Genoa Postcard: A Tale Of Modern Sailors, Echos Of The Ancient Mariner

Many seafarers are hired and fired every seven months. Some keep up this lifestyle for 40 years while sailing the world. Some of those who'd recently docked in the Italian port city of Genoa, share a taste of their travels that are connected to a long history of a seafaring life.

A sailor smokes a cigarette on the hydrofoil Procida

A sailor on the hydrofoil Procida in Italy

Daniele Frediani/Mondadori Portfolio via ZUMA Press
Paolo Griseri

GENOA — Cristina did it to escape after a tough breakup. Luigi because he dreamed of adventures and the South Seas. Marianna embarked just “before the refrigerator factory where I worked went out of business. I’m one of the few who got severance pay.”

To hear their stories, you have to go to the canteen on Via Albertazzi, in Italy's northern port city of Genoa, across from the ferry terminal. The place has excellent minestrone soup and is decorated with models of the ships that have made the port’s history.
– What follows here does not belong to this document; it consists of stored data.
Lemma min_partition_sizeP : has_partition valid E S (min_partition_size x0 singletons).
Proof. by rewrite /min_partition_size; case: ex_minnP. Qed.

Lemma min_partition_size_le (s : seq Str) :
  all valid s -> {in s, forall x, E x \subset S} ->
  (forall u, u \in S -> count (fun x => u \in E x) s = 1) ->
  min_partition_size x0 singletons <= size s.
Proof.
move=> valid_s sub_s count_s; rewrite /min_partition_size; case: ex_minnP => m _; apply.
apply/existsP; exists [ffun j : 'I_(size s) => nth x0 s j]; apply/andP; split.
  apply/forallP => j; rewrite ffunE; have sj := mem_nth x0 (ltn_ord j).
  by rewrite (allP valid_s) ?sub_s.
apply/forall_inP => u uS; apply/eqP; rewrite -(count_s u uS) -[in RHS](mkseq_nth x0 s).
rewrite /mkseq -val_enum_ord -map_comp count_map cardsE cardE /enum_mem size_filter.
rewrite (@eq_filter _ _ predT) // filter_predT.
by apply: eq_count => j; rewrite /in_mem /= unfold_in ffunE.
Qed.

End MinPartition.

Lemma count_map_enum_pred1 (I : finType) (T : Type) (P : pred I) (F : I -> T)
    (q : pred T) (C : bool) (i0 : I) :
  (forall i, P i -> q (F i) = C && (i == i0)) -> (C -> P i0) ->
  count q [seq F i | i <- enum P] = C.
Proof.
move=> qF P_i0; rewrite count_map (eq_in_count (a2 := fun i => C && (i == i0))); last first.
  by move=> i; rewrite mem_enum => /qF.
case: C P_i0 {qF} => [/(_ isT) P_i0 | _]; last exact: count_pred0.
by rewrite (eq_count (a2 := pred1 i0)) // count_uniq_mem ?enum_uniq // mem_enum [i0 \in P]P_i0.
Qed.

Lemma eq_set2 (T : finType) (p q x y : T) :
  ([set p; q] == [set x; y]) = (p == x) && (q == y) || (p == y) && (q == x).
Proof.
apply/eqP/idP => [E|/orP[]/andP[/eqP-> /eqP->] //]; last by rewrite setUC.
move/setP: E => E; have := E y; have := E x; have := E q; have := E p.
rewrite !inE !eqxx ?orbT /= => /esym/orP[]/eqP-> /esym/orP[]/eqP->; rewrite ?eqxx ?orbT //=.
all: by rewrite ?andbT !orbb (eq_sym x y) => *.
Qed.

Lemma mem_bip_edges n (B : {set 'I_n} * {set 'I_n}) (p q : 'I_n) :
  ([set p; q] \in bip_edges B) = (p \in B.1) && (q \in B.2) || (p \in B.2) && (q \in B.1).
Proof.
apply/imset2P/idP => [[x y xX yY /eqP]|].
  by rewrite eq_set2 => /orP[]/andP[/eqP-> /eqP->]; rewrite xX yY ?orbT.
by case/orP=> /andP[pX qY]; [exists p q | exists q p => //; rewrite setUC].
Qed.

Lemma mem_bip_edges_lt n (B : {set 'I_n} * {set 'I_n}) (p q : 'I_n) :
  {in B.1 & B.2, forall x y : 'I_n, x < y} -> p < q ->
  ([set p; q] \in bip_edges B) = (p \in B.1) && (q \in B.2).
Proof.
move=> XY pq; rewrite mem_bip_edges; case: (boolP (_ && _)) => //= _.
by apply/negP => /andP[pY qX]; have := XY q p qX pY; rewrite ltnNge ltnW.
Qed.

Lemma cards4_sorted n (e : {set 'I_n}) : #|e| = 4 ->
  exists a b c d : 'I_n, [/\ a < b, b < c, c < d & e = [set a; b; c; d]].
Proof.
pose t := sort (fun x y : 'I_n => x <= y) (enum e).
have t_sorted : sorted (fun x y : 'I_n => x <= y) t by apply: sort_sorted => x y; apply: leq_total.
have t_uniq : uniq t by rewrite sort_uniq enum_uniq.
have et : e = [set x in t] by apply/setP => x; rewrite inE mem_sort mem_enum.
rewrite cardE -(size_sort (fun x y : 'I_n => x <= y)) -/t.
move: t_sorted t_uniq et; case: t => [|a [|b [|c [|d [|]]]]] //= /and4P[ab bc cd _].
rewrite !inE -!val_eqE /= => abcd -> _; exists a, b, c, d; split; try lia.
by apply/setP => x; rewrite !inE -!orbA.
Qed.

Lemma card_set4I (T : finType) (a b c d : T) (A : {set T}) : uniq [:: a; b; c; d] ->
  #|[set a; b; c; d] :&: A| = (a \in A) + (b \in A) + (c \in A) + (d \in A).
Proof.
move=> abcd; have -> : [set a; b; c; d] :&: A = [set x in filter (mem A) [:: a; b; c; d]].
  by apply/setP => x; rewrite !inE mem_filter !inE -!orbA andbC.
by rewrite cardsE (card_uniqP (filter_uniq _ abcd)) size_filter /= addn0 !addnA.
Qed.

Lemma forall_ord4 (p : pred 'I_4) :
  [forall i, p i] = [&& p (@Ordinal 4 0 isT), p (@Ordinal 4 1 isT), p (@Ordinal 4 2 isT)
                      & p (@Ordinal 4 3 isT)].
Proof.
apply/forallP/and4P => [p_all | [p0 p1 p2 p3] [[|[|[|[|i]]]] lti]] //.
all: by rewrite (bool_irrelevance lti isT).
Qed.

(* [xi] encodes "point x lies in class i", for four points a < b < c < d. *)
Lemma split_transversal (a0 a1 a2 a3 b0 b1 b2 b3 c0 c1 c2 c3 d0 d1 d2 d3 : bool) :
  a0 + a1 + a2 + a3 <= 1 -> b0 + b1 + b2 + b3 <= 1 ->
  c0 + c1 + c2 + c3 <= 1 -> d0 + d1 + d2 + d3 <= 1 ->
  ~~ ((b0 || b1) && (a2 || a3)) -> ~~ ((c0 || c1) && (a2 || a3)) ->
  ~~ ((d0 || d1) && (a2 || a3)) -> ~~ ((c0 || c1) && (b2 || b3)) ->
  ~~ ((d0 || d1) && (b2 || b3)) -> ~~ ((d0 || d1) && (c2 || c3)) ->
  [&& a0 + b0 + c0 + d0 == 1, a1 + b1 + c1 + d1 == 1,
      a2 + b2 + c2 + d2 == 1 & a3 + b3 + c3 + d3 == 1] =
  (a0 && b1 || a1 && b0) && (c2 && d3 || c3 && d2).
Proof.
by case: a0 a1 a2 a3 => [] [] [] [] //; case: b0 b1 b2 b3 => [] [] [] [] //;
  case: c0 c1 c2 c3 => [] [] [] [] //; case: d0 d1 d2 d3 => [] [] [] [].
Qed.

Definition join4 n (L R : {set 'I_n} * {set 'I_n}) : {ffun 'I_4 -> {set 'I_n}} :=
  [ffun i : 'I_4 => nth set0 [:: L.1; L.2; R.1; R.2] i].

(* The families built below may contain degenerate members with an empty class;
   [covers] disregards them. *)
Definition covers n (e : {set 'I_n}) : pred {ffun 'I_4 -> {set 'I_n}} :=
  fun V => complete4partite V && (e \in edges4 V).

Section Join.

Variables (n : nat) (L R : {set 'I_n} * {set 'I_n}).
Hypotheses (disjL : [disjoint L.1 & L.2]) (disjR : [disjoint R.1 & R.2]).
Hypothesis L_lt_R : {in L.1 :|: L.2 & R.1 :|: R.2, forall x y : 'I_n, x < y}.

Lemma join4_order (x y : 'I_n) : x <= y ->
  ~~ (((y \in L.1) || (y \in L.2)) && ((x \in R.1) || (x \in R.2))).
Proof.
move=> xy; apply/negP => /andP[yL xR].
by have := @L_lt_R y x; rewrite !inE yL xR => /(_ isT isT); rewrite ltnNge xy.
Qed.

Lemma join4_mem_le1 x : (x \in L.1) + (x \in L.2) + (x \in R.1) + (x \in R.2) <= 1.
Proof.
have dL : ~~ ((x \in L.1) && (x \in L.2)) by apply/negP => /andP[/(disjointFr disjL) ->].
have dR : ~~ ((x \in R.1) && (x \in R.2)) by apply/negP => /andP[/(disjointFr disjR) ->].
move: dL dR (join4_order (leqnn x)).
by case: (x \in L.1) (x \in L.2) (x \in R.1) (x \in R.2) => [] [] [] [].
Qed.

Lemma covers_join4 (a b c d : 'I_n) : a < b -> b < c -> c < d ->
  covers [set a; b; c; d] (join4 L R) =
  ([set a; b] \in bip_edges L) && ([set c; d] \in bip_edges R).
Proof.
move=> ab bc cd; have abcd : uniq [:: a; b; c; d].
  by rewrite /= !inE -!val_eqE /=; lia.
have E4 : ([set a; b; c; d] \in edges4 (join4 L R)) =
    ([set a; b] \in bip_edges L) && ([set c; d] \in bip_edges R).
  rewrite inE forall_ord4 !ffunE /= !card_set4I //.
  have := card_set4I setT abcd; rewrite setIT !inE => -> /=.
  rewrite !mem_bip_edges.
  by apply: split_transversal; first [exact: join4_mem_le1 | apply: join4_order; lia].
rewrite /covers -E4; apply/andP/idP => [[] //|e_edge]; split=> //.
apply/andP; split.
  move: e_edge; rewrite inE => /andP[_ /forallP e_meets]; apply/forallP => i.
  apply/set0Pn; have /cards1P[x /setP/(_ x)] := e_meets i.
  by rewrite !inE eqxx => /andP[_ xi]; exists x.
apply/forallP => i; apply/forallP => j; apply/implyP => ij.
rewrite -setI_eq0; apply/eqP/setP => x; rewrite !inE !ffunE.
have := join4_mem_le1 x.
by case: i j ij => [[|[|[|[|?]]]] ?] // [[|[|[|[|?]]]] ?] //=;
  case: (x \in L.1) (x \in L.2) (x \in R.1) (x \in R.2) => [] [] [] [].
Qed.

End Join.

Lemma lt_disjoint n (A B : {set 'I_n}) :
  {in A & B, forall x y : 'I_n, x < y} -> [disjoint A & B].
Proof.
move=> AB; rewrite -setI_eq0; apply/eqP/setP => x; rewrite !inE.
by apply/negP => /andP[xA xB]; have := AB x x xA xB; rewrite ltnn.
Qed.

Lemma covers_join4_lt n (L R : {set 'I_n} * {set 'I_n}) (a b c d : 'I_n) :
  {in L.1 & L.2, forall x y : 'I_n, x < y} -> {in R.1 & R.2, forall x y : 'I_n, x < y} ->
  {in L.1 :|: L.2 & R.1 :|: R.2, forall x y : 'I_n, x < y} ->
  a < b -> b < c -> c < d ->
  covers [set a; b; c; d] (join4 L R) = [&& a \in L.1, b \in L.2, c \in R.1 & d \in R.2].
Proof.
move=> ltL ltR L_lt_R ab bc cd.
by rewrite covers_join4 ?lt_disjoint // !mem_bip_edges_lt // -!andbA.
Qed.

Lemma card_lt_pairs (m : nat) : 2 * #|[set i : 'I_m * 'I_m | i.1 < i.2]| <= m * m.
Proof.
set A := [set i : 'I_m * 'I_m | i.1 < i.2].
have card_swap : #|swap_pair @: A| = #|A| by apply: card_imset; apply: can_inj swap_pairK.
have disj : [disjoint A & swap_pair @: A].
  rewrite -setI_eq0; apply/eqP/setP => i; rewrite !inE.
  apply/negP => /andP[lt_i /imsetP[[x y]]]; rewrite inE /= => xy iE.
  by move: lt_i; rewrite iE /=; lia.
rewrite mul2n -addnn -{2}card_swap -cardsUI.
move: disj; rewrite -setI_eq0 => /eqP->; rewrite cards0 addn0.
by apply: leq_trans (max_card _) _; rewrite card_prod !card_ord.
Qed.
There are 38,000 Italian professional sailors, many of whom work here in Genoa, a historic port of call that today is the country's second largest after Trieste on the east coast. Luciano Rotella of the trade union Italian Federation of Transport Workers says the official number of maritime workers is far lower than the reality, which contains a tangle of different laws, regulations, contracts and ethnicities — not to mention ancient remnants of harsh battles between shipowners and crews.

The result is that today it is not so easy to know how many people sail, nor their nationalities.

What is certain is that every six to seven months, the Italian mariner disembarks the ship and is dismissed: they take severance pay and after waits for the next call. Andrea has been sailing for more than 20 years: “When I started out, to those who told us we were earning good money, I replied that I had a precarious life: every landing was a dismissal.”